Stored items
....

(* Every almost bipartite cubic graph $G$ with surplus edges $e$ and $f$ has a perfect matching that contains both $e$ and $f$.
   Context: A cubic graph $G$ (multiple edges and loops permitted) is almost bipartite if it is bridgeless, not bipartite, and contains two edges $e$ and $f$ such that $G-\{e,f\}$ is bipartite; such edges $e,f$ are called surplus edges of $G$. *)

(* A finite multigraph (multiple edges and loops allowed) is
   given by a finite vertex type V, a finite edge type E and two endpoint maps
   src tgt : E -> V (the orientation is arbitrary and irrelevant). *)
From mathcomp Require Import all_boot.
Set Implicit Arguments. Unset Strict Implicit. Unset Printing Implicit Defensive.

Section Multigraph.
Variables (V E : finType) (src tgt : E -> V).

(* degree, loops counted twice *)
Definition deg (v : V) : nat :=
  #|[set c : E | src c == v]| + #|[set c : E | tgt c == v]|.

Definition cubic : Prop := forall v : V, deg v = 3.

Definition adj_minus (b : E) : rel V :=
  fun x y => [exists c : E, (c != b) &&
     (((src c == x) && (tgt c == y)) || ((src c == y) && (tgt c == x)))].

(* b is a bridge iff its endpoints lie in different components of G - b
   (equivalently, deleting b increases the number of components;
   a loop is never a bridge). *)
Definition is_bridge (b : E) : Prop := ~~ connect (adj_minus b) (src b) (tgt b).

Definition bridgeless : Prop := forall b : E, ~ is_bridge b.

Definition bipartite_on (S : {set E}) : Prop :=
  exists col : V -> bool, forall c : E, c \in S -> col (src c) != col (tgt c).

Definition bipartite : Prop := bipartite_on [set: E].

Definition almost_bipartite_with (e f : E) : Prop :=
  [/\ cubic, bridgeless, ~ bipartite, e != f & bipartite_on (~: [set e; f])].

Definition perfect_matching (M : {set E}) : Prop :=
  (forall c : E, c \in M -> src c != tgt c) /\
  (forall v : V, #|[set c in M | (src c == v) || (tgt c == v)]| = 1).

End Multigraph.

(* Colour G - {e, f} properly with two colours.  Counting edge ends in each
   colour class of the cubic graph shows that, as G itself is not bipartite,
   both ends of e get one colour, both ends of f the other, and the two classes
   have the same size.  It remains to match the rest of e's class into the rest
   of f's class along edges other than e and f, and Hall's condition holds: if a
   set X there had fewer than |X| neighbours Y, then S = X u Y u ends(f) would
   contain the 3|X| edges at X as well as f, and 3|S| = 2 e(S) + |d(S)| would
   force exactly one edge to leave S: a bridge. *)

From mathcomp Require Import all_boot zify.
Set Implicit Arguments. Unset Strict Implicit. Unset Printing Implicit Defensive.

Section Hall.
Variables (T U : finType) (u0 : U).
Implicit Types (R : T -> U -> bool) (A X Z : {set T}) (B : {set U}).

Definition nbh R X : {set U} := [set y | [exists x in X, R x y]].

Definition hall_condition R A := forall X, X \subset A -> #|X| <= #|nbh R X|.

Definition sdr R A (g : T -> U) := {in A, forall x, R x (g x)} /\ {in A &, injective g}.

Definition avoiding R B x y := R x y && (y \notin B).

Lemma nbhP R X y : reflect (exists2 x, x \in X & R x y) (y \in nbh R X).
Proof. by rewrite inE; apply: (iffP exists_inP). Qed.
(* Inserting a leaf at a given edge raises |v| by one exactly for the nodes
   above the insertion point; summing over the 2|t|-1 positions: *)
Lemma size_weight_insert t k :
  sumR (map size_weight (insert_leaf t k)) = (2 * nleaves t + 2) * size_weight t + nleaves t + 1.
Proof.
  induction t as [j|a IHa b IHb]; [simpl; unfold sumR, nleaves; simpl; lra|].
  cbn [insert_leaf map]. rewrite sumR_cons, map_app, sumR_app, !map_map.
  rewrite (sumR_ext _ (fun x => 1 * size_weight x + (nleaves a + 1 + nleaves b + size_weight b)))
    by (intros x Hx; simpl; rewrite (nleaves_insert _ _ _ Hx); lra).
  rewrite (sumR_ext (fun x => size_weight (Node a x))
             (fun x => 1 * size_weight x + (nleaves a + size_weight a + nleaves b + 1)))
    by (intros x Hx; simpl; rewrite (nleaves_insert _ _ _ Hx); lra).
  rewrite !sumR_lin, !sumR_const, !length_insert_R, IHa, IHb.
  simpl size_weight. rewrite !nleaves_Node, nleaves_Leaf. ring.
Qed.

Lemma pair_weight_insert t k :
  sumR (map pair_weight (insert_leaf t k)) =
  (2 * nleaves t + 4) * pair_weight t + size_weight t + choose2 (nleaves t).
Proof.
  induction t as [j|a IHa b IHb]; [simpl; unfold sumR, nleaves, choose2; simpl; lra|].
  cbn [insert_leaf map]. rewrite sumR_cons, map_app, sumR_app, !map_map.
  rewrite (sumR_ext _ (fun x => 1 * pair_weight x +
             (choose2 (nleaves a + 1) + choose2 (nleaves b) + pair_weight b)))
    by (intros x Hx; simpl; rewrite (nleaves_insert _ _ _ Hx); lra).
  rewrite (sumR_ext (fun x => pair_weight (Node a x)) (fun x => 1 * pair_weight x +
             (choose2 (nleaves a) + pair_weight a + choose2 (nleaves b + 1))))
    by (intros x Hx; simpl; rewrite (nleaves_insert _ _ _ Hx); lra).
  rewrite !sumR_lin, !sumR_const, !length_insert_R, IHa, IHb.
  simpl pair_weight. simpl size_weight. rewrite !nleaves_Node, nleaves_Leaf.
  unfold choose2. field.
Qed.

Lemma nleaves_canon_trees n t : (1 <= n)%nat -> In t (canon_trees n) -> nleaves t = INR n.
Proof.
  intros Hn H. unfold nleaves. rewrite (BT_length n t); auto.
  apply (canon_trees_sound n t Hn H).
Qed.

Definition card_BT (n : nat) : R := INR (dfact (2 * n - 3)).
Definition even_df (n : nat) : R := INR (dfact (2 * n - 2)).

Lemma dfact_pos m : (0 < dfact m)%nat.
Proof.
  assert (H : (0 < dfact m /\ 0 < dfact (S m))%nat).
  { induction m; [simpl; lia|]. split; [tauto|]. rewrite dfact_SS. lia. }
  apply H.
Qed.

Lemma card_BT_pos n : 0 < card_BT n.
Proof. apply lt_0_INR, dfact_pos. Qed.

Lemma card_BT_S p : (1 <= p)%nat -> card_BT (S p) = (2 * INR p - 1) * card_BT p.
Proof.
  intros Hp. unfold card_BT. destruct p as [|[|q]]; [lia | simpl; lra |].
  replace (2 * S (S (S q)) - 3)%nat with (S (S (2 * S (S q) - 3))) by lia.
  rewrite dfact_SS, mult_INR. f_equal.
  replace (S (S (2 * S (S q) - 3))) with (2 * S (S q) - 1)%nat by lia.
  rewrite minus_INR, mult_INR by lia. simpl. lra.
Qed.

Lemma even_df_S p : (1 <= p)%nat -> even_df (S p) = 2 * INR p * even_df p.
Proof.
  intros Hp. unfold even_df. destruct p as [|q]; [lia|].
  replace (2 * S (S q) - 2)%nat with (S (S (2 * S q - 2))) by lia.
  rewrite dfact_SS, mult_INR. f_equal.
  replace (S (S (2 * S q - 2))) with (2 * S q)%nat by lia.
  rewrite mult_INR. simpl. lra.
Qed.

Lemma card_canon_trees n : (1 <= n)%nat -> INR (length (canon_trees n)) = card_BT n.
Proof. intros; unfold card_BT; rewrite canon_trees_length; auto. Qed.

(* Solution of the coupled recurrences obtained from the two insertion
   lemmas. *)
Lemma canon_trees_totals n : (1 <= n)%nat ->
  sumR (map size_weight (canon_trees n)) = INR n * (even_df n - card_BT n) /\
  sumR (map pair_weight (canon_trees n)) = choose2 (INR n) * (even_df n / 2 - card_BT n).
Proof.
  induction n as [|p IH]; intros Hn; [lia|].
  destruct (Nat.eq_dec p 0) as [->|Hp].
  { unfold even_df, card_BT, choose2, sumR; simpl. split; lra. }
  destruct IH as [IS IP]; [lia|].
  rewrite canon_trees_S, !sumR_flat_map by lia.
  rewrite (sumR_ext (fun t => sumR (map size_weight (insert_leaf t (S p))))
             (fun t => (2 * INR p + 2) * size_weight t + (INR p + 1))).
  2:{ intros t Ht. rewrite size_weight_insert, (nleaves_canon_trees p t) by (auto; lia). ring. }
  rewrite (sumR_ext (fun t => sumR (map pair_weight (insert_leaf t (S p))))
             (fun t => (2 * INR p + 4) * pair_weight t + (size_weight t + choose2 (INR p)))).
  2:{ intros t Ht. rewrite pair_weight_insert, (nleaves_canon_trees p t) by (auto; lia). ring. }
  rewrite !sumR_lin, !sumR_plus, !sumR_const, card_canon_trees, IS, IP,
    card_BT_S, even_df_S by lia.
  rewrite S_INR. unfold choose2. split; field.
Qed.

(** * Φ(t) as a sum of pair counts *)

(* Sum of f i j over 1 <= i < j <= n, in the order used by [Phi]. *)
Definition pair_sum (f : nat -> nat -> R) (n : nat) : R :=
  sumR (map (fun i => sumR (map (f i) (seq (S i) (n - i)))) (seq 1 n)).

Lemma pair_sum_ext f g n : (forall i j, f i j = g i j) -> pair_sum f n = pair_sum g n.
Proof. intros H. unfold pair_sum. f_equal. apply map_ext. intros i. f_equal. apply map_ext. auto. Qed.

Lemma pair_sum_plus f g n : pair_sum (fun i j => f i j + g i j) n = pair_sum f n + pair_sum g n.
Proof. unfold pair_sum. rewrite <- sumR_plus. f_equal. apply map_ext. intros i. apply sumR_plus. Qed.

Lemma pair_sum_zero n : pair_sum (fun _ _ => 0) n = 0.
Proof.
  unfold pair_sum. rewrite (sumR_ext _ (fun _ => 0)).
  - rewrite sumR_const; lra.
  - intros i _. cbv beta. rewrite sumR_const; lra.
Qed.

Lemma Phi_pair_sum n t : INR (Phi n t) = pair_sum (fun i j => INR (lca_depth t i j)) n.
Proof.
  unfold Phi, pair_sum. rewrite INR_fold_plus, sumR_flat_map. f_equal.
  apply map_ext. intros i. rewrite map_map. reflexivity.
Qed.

....

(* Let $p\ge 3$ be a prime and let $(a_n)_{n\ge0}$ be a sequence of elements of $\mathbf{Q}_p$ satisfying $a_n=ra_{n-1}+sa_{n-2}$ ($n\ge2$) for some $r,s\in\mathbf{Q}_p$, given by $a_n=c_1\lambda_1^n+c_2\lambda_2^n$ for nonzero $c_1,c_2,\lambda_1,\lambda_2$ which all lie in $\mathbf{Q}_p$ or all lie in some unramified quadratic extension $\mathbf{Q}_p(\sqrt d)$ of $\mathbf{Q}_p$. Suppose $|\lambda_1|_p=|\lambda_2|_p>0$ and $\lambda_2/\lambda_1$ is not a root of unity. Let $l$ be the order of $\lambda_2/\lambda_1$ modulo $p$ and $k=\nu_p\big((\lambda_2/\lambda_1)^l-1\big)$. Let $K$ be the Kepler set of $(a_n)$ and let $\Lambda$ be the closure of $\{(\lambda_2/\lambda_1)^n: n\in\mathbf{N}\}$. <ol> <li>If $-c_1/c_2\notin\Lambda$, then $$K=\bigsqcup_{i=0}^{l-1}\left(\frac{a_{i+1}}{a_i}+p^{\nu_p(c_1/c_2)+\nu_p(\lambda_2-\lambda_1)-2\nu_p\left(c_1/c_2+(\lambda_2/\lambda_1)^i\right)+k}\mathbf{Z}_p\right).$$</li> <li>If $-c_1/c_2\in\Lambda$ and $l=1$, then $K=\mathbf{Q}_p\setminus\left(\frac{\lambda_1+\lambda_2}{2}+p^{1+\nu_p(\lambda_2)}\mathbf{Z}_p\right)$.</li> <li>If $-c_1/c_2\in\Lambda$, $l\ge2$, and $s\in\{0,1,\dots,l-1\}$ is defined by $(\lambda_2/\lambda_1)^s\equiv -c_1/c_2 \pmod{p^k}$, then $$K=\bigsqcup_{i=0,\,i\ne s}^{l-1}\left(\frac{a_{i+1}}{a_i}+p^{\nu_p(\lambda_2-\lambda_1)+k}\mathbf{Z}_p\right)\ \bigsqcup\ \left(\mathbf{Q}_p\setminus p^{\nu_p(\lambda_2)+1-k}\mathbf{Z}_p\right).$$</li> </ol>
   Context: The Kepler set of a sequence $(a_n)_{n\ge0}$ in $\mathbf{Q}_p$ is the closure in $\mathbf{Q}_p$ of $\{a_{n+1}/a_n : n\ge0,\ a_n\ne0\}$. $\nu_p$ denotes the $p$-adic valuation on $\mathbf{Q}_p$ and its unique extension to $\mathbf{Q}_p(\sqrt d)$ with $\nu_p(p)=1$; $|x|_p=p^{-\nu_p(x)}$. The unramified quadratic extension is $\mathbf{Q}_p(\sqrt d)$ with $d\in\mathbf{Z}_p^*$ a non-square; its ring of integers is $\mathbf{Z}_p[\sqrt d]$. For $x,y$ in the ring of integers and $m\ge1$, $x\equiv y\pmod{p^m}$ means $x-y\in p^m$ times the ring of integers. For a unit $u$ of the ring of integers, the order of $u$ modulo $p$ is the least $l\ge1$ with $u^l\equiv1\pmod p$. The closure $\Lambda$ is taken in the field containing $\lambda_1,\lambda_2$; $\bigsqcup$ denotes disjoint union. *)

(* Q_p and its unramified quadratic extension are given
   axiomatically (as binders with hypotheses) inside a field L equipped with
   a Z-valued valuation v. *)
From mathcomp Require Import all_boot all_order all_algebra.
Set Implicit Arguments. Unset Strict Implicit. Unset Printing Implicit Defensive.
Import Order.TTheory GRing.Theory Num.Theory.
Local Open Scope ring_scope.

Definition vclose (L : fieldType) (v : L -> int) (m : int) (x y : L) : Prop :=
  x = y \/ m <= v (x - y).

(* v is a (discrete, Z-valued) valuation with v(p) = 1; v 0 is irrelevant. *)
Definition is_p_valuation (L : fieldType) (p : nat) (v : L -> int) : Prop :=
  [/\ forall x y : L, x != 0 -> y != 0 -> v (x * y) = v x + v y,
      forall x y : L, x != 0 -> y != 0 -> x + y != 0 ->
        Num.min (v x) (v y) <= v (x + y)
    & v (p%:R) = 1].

....

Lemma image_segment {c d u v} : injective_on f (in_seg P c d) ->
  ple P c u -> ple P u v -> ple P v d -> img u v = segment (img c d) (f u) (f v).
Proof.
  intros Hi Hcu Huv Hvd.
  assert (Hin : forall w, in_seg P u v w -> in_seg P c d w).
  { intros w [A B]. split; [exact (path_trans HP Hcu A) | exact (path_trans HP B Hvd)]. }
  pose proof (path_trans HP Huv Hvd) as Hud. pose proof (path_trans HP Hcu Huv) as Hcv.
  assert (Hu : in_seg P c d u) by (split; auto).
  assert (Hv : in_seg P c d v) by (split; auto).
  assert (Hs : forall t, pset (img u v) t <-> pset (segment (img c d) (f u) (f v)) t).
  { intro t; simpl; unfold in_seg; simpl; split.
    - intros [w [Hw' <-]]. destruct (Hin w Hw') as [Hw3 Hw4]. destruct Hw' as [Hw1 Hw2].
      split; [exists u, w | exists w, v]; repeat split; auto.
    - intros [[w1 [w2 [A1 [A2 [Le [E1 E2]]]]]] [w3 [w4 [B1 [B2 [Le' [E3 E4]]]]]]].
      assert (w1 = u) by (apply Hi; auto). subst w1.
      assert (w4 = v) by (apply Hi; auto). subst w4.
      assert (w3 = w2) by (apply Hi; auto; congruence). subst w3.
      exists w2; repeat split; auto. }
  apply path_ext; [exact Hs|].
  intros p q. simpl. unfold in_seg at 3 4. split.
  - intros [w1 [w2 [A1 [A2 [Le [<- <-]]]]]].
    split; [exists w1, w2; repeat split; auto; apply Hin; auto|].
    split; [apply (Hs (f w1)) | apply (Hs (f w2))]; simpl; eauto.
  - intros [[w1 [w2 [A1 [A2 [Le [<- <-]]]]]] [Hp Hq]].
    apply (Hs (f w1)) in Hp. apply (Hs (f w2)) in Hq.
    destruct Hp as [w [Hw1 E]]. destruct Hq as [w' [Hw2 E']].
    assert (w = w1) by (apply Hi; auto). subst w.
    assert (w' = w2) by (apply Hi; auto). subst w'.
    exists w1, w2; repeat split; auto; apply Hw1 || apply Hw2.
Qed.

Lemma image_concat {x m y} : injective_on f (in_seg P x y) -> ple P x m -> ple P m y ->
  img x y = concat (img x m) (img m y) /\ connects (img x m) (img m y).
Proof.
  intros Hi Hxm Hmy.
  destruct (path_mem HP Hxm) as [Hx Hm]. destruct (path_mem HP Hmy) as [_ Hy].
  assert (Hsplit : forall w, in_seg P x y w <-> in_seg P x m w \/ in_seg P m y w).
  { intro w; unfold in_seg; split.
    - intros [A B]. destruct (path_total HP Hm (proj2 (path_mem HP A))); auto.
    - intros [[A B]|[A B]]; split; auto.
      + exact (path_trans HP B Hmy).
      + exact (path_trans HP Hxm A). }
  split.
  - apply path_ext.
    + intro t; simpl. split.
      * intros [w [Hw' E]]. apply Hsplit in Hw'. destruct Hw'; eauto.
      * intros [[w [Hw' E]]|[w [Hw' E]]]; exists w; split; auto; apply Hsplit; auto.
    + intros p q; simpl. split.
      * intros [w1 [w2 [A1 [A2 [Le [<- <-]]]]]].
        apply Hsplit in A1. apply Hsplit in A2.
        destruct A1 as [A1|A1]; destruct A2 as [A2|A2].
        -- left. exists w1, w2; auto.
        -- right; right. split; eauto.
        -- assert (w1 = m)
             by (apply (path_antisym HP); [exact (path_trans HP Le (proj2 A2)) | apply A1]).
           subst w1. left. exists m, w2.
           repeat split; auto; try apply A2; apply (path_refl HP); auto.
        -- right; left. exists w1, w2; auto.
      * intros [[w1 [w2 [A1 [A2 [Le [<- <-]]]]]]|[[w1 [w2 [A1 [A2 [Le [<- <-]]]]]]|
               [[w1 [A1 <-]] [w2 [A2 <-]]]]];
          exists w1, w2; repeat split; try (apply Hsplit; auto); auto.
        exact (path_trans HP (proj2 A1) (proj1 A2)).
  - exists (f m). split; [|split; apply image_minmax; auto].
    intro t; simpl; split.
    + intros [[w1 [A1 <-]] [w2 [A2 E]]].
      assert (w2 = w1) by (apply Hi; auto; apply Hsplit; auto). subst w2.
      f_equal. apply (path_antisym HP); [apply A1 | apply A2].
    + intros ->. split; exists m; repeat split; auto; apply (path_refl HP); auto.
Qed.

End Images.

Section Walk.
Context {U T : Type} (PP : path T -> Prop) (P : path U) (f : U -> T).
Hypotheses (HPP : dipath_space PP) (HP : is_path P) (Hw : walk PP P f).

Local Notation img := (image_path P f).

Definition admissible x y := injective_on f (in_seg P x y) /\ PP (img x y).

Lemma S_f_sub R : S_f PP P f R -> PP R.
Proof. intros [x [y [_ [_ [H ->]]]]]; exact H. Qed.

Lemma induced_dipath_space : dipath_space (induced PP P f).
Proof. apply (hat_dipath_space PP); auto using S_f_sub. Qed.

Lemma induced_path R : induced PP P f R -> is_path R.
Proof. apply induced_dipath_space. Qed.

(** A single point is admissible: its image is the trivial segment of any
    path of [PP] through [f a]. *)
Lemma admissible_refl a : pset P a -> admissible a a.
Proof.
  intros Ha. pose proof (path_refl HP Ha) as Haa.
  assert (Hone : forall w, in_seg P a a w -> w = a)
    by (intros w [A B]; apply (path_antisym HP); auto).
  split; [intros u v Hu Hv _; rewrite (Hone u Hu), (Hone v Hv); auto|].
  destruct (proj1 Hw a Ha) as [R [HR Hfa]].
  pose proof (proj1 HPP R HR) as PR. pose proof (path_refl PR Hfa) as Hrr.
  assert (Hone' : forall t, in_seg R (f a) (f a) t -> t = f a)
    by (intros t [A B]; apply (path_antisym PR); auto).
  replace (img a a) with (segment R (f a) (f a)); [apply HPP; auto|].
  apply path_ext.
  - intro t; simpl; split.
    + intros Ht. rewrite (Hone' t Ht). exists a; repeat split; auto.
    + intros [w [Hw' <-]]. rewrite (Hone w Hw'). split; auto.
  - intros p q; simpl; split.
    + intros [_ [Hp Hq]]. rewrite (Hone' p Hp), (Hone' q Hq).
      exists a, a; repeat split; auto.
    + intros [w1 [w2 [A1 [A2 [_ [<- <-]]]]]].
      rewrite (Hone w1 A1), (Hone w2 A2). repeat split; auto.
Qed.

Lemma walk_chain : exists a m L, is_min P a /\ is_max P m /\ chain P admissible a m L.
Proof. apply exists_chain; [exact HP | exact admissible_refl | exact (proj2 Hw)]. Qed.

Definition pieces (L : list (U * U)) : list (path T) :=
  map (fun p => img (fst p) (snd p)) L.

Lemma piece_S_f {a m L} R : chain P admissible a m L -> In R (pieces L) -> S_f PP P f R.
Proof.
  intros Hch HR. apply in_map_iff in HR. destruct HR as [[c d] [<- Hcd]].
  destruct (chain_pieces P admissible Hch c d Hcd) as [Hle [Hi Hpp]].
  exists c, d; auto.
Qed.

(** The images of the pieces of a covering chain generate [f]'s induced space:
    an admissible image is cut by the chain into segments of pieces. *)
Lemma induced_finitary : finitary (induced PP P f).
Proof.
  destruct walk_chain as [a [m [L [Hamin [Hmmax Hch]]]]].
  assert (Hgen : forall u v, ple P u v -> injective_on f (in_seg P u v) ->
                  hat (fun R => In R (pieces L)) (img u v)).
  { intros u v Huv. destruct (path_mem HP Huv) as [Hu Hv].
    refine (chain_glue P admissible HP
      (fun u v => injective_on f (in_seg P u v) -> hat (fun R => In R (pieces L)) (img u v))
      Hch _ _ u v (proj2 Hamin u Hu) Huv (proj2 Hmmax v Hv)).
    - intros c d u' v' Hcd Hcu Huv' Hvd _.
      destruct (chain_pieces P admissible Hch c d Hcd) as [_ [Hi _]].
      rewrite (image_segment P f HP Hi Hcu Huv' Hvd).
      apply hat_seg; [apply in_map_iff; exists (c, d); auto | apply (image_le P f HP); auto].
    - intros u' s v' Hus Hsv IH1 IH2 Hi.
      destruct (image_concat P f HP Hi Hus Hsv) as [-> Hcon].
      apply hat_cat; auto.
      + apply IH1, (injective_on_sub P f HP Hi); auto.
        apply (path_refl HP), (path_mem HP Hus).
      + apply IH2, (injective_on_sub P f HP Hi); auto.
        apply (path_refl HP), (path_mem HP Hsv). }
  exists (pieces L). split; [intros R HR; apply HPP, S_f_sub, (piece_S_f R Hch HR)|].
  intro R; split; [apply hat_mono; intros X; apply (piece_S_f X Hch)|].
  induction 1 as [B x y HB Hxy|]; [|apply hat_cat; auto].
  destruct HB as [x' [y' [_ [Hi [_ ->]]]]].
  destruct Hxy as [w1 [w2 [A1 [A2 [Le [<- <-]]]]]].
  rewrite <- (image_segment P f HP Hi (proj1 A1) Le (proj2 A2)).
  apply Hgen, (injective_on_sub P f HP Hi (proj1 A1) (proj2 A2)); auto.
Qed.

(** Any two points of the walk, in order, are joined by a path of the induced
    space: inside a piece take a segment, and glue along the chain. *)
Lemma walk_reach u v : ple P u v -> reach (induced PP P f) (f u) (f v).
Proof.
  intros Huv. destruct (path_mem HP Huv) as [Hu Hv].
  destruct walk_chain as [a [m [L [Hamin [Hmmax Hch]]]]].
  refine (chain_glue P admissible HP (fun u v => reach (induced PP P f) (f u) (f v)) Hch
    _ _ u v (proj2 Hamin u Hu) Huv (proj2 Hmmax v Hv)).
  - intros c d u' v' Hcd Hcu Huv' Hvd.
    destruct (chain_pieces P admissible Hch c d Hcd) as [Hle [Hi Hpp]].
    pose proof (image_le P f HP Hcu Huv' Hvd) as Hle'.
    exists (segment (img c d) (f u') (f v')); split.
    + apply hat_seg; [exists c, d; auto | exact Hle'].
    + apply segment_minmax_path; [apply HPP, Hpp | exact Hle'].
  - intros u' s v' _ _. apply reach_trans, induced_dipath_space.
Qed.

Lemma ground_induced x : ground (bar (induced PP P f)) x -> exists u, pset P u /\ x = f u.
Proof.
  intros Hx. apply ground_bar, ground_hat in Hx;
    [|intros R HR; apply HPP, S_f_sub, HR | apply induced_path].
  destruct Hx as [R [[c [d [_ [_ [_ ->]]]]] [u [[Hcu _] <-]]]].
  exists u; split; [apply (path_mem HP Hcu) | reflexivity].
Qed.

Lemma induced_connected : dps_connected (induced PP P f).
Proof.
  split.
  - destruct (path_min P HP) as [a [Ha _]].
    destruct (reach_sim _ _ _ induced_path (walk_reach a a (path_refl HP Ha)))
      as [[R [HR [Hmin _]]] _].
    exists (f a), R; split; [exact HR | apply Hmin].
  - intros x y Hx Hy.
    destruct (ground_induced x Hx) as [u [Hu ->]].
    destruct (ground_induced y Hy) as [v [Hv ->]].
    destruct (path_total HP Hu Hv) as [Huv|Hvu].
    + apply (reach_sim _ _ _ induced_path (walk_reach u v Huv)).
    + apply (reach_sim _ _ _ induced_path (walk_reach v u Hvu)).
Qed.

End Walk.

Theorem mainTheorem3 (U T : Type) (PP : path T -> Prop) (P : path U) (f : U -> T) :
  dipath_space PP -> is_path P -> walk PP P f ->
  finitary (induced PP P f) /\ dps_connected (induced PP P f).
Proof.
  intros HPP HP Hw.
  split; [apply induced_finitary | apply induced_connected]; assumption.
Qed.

....

Only the lines above starting at the one containing "(* Every almost" and ending at the one containing "(* A finite", both included, are to be returned, exactly as they read.

(* Every almost bipartite cubic graph $G$ with surplus edges $e$ and $f$ has a perfect matching that contains both $e$ and $f$.
   Context: A cubic graph $G$ (multiple edges and loops permitted) is almost bipartite if it is bridgeless, not bipartite, and contains two edges $e$ and $f$ such that $G-\{e,f\}$ is bipartite; such edges $e,f$ are called surplus edges of $G$. *)

(* A finite multigraph (multiple edges and loops allowed) is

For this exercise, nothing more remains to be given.